Commentary

Yahoo Tidbits From Search To Display

MagGlass-Search

Will search engines become liable for searchable content? If courts around the world continue to protect rights holders and follow the Court of Rome's decision on the liability of search engines, they might. The IPT Italy Blog points to a case brought to court related to the movie "About Elly." The problem stems from the engine providing a link that allowed searchers to reach a Web site that let people stream or download the movie.

While the director, Asghar Farhadi, brought an interim injunction against Google Italy S.r.l., Microsoft S.r.l., and Yahoo Italia S.r.l., the courts dismissed the former two, suggesting the "Italian companies of such groups did not have an active role in the management of the search engines." Yahoo was held liable based on the European Union (EU) E-Commerce Directive 2000/31/EC, which focuses on caching content.

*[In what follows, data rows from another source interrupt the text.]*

Lemma expo_second_derivative_continuous (k s P Q t : R) :
  continuous (fun t => k * k * expo k s P Q t) t.
Proof. apply (continuous_mult (K := R_AbsRing)); [apply continuous_const | apply expo_continuous]. Qed.

Lemma expo_tent k s P Q x0 dl : k <> 0 -> 0 < dl ->
  is_RInt (fun t => expo k s P Q t * tent x0 dl t) (x0 - dl) (x0 + dl)
    ((expo k s P Q (x0 + dl) - 2 * expo k s P Q x0 + expo k s P Q (x0 - dl)) / (k * k * dl)).
Proof.
  intros Hk Hd.
  pose proof (tent_second_difference _ _ _ (expo_derive k s P Q) (expo_second_derive k s P Q)
                (expo_second_derivative_continuous k s P Q) x0 dl Hd) as H.
  apply (rint_scal _ _ _ (/ (k * k))) in H.
  eapply rint_eq_val; [|eapply rint_ext; [lra| |exact H]].
  - field. split; [lra | exact Hk].
  - intros x _. cbv beta. field. exact Hk.
Qed.

Lemma weak_equation_parts y d h0 A B D Sg :
  Cadd (Cmul d h0) A = Cadd (Cmul (0, y) (Copp B)) (Cmul (Cmul (0, y) (0, y)) (Cadd D Sg)) ->
  forall c, part c (Cmul d h0) + part c A
            = part c (Cmul (0, y) (Copp B)) - y * y * (part c D + part c Sg).
Proof.
  intros E c. apply (f_equal (part c)) in E.
  rewrite !part_add, part_mul_sq_imag, part_add in E. lra.
Qed.

Lemma max_of_points (p : nat -> R) (r : R) (N : nat) : 0 < r ->
  (forall j, (j < N)%nat -> p j < r) -> exists m, 0 <= m < r /\ forall j, (j < N)%nat -> p j <= m.
Proof.
  intros Hr. induction N as [|N IH]; intros H.
  - exists 0. split; [lra | intros j Hj; lia].
  - destruct IH as (m & Hm & Hj); [intros j Hj; apply H; lia|].
    exists (Rmax m (p N)). split.
    + split; [apply Rle_trans with m; [lra | apply Rmax_l]|].
      apply Rmax_lub_lt; [lra | apply H; lia].
    + intros j Hj'. destruct (Nat.eq_dec j N) as [->|Hne]; [apply Rmax_r|].
      apply Rle_trans with m; [apply Hj; lia | apply Rmax_l].
Qed.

The decision seems to focus on an interpretation of the EU's E-Commerce Directive. Apparently, the Court of Rome thinks of Yahoo as a "caching provider" that must block links to content once notified of the infringement. The engine must remove all links in its index that can reach the content.

Meanwhile, in display news, Piper Jaffray analysts checking in with Yahoo to determine whether its home page display ads sold at a higher CPM with guaranteed placements by its sales team, compared with performance ads supplied by an ad network or other third party, found that 61% of the ads were sold in March 2011, compared with 60% in the year-ago month. Yahoo experienced 76% coverage in February 2011, and in January, 50%.

Aside from tracking guaranteed ads on Yahoo's home page, Piper Jaffray looks at the number of rich page takeover units, expandable ads or ads with elements that extend outside banner units, and log-in page sponsorships. About 17% of the ads seen on the home page were rich takeover units, which compares with 25% in February; 14%, January; 23%, December; 52%, November; and 26% October.

Although Piper Jaffray notes that Yahoo has become more aggressive when it comes to selling log-in page sponsorships, the firm shows a slight decline in March 39% for the log-in page, including a sponsorship, compared with 50% in February; 21%, January; 50%, December; 48%, November; and 13%, October.